------ DATA PROVIDED
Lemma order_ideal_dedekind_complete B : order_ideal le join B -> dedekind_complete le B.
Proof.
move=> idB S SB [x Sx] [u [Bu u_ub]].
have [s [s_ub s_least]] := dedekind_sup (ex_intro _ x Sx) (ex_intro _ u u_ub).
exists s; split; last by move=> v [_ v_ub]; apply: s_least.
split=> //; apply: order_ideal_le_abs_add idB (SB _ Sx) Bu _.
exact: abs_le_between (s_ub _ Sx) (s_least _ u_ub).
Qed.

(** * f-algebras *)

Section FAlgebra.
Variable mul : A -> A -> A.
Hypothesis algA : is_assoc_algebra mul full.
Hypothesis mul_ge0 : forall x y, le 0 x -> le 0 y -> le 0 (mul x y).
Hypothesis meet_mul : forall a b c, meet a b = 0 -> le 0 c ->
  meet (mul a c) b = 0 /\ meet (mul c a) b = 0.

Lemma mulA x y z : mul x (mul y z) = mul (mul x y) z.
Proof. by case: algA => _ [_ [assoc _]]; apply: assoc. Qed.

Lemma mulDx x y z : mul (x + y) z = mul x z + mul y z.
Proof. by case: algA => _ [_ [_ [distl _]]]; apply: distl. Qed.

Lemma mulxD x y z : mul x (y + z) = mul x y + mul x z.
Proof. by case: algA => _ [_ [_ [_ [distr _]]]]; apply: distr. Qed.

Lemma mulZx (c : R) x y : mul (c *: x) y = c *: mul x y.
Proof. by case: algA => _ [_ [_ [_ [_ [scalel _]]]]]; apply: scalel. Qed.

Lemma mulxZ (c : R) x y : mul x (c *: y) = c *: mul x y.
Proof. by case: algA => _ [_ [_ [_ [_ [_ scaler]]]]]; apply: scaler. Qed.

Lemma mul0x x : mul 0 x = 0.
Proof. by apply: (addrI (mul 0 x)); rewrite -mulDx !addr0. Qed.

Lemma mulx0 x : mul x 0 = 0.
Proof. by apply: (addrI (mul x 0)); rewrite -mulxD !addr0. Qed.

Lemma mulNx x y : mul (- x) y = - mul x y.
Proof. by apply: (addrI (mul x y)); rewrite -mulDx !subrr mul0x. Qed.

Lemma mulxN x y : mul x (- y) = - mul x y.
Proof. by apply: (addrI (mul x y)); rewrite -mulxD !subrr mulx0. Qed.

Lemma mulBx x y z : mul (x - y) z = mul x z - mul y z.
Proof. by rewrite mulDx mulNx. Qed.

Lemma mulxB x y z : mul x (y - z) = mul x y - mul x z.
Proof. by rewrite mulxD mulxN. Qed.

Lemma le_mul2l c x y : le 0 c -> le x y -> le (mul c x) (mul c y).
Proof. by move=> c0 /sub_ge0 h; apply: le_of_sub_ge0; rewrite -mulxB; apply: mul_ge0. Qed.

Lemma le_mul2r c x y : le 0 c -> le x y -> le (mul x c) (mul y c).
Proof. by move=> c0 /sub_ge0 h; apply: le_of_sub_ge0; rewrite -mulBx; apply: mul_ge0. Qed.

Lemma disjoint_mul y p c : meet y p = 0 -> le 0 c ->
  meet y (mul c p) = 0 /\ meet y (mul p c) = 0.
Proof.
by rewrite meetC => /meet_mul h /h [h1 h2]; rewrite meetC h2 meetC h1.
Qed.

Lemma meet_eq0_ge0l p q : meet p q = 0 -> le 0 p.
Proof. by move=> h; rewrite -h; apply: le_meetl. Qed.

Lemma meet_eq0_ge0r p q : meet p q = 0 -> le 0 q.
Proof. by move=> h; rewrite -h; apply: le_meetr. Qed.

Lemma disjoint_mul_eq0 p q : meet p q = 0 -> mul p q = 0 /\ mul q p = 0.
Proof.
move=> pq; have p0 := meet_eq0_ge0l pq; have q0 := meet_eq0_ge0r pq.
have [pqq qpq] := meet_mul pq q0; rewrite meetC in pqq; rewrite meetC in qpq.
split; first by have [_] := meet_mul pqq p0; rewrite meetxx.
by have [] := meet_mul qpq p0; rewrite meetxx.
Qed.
------------
● TASK GOAL
Gather each line in the entries above where the string "mulxD" is found.

● FINISHED TASK
Lemma mulxD x y z : mul x (y + z) = mul x y + mul x z.
Proof. by apply: (addrI (mul x 0)); rewrite -mulxD !addr0. Qed.
Proof. by apply: (addrI (mul x y)); rewrite -mulxD !subrr mulx0. Qed.
Proof. by rewrite mulxD mulxN. Qed.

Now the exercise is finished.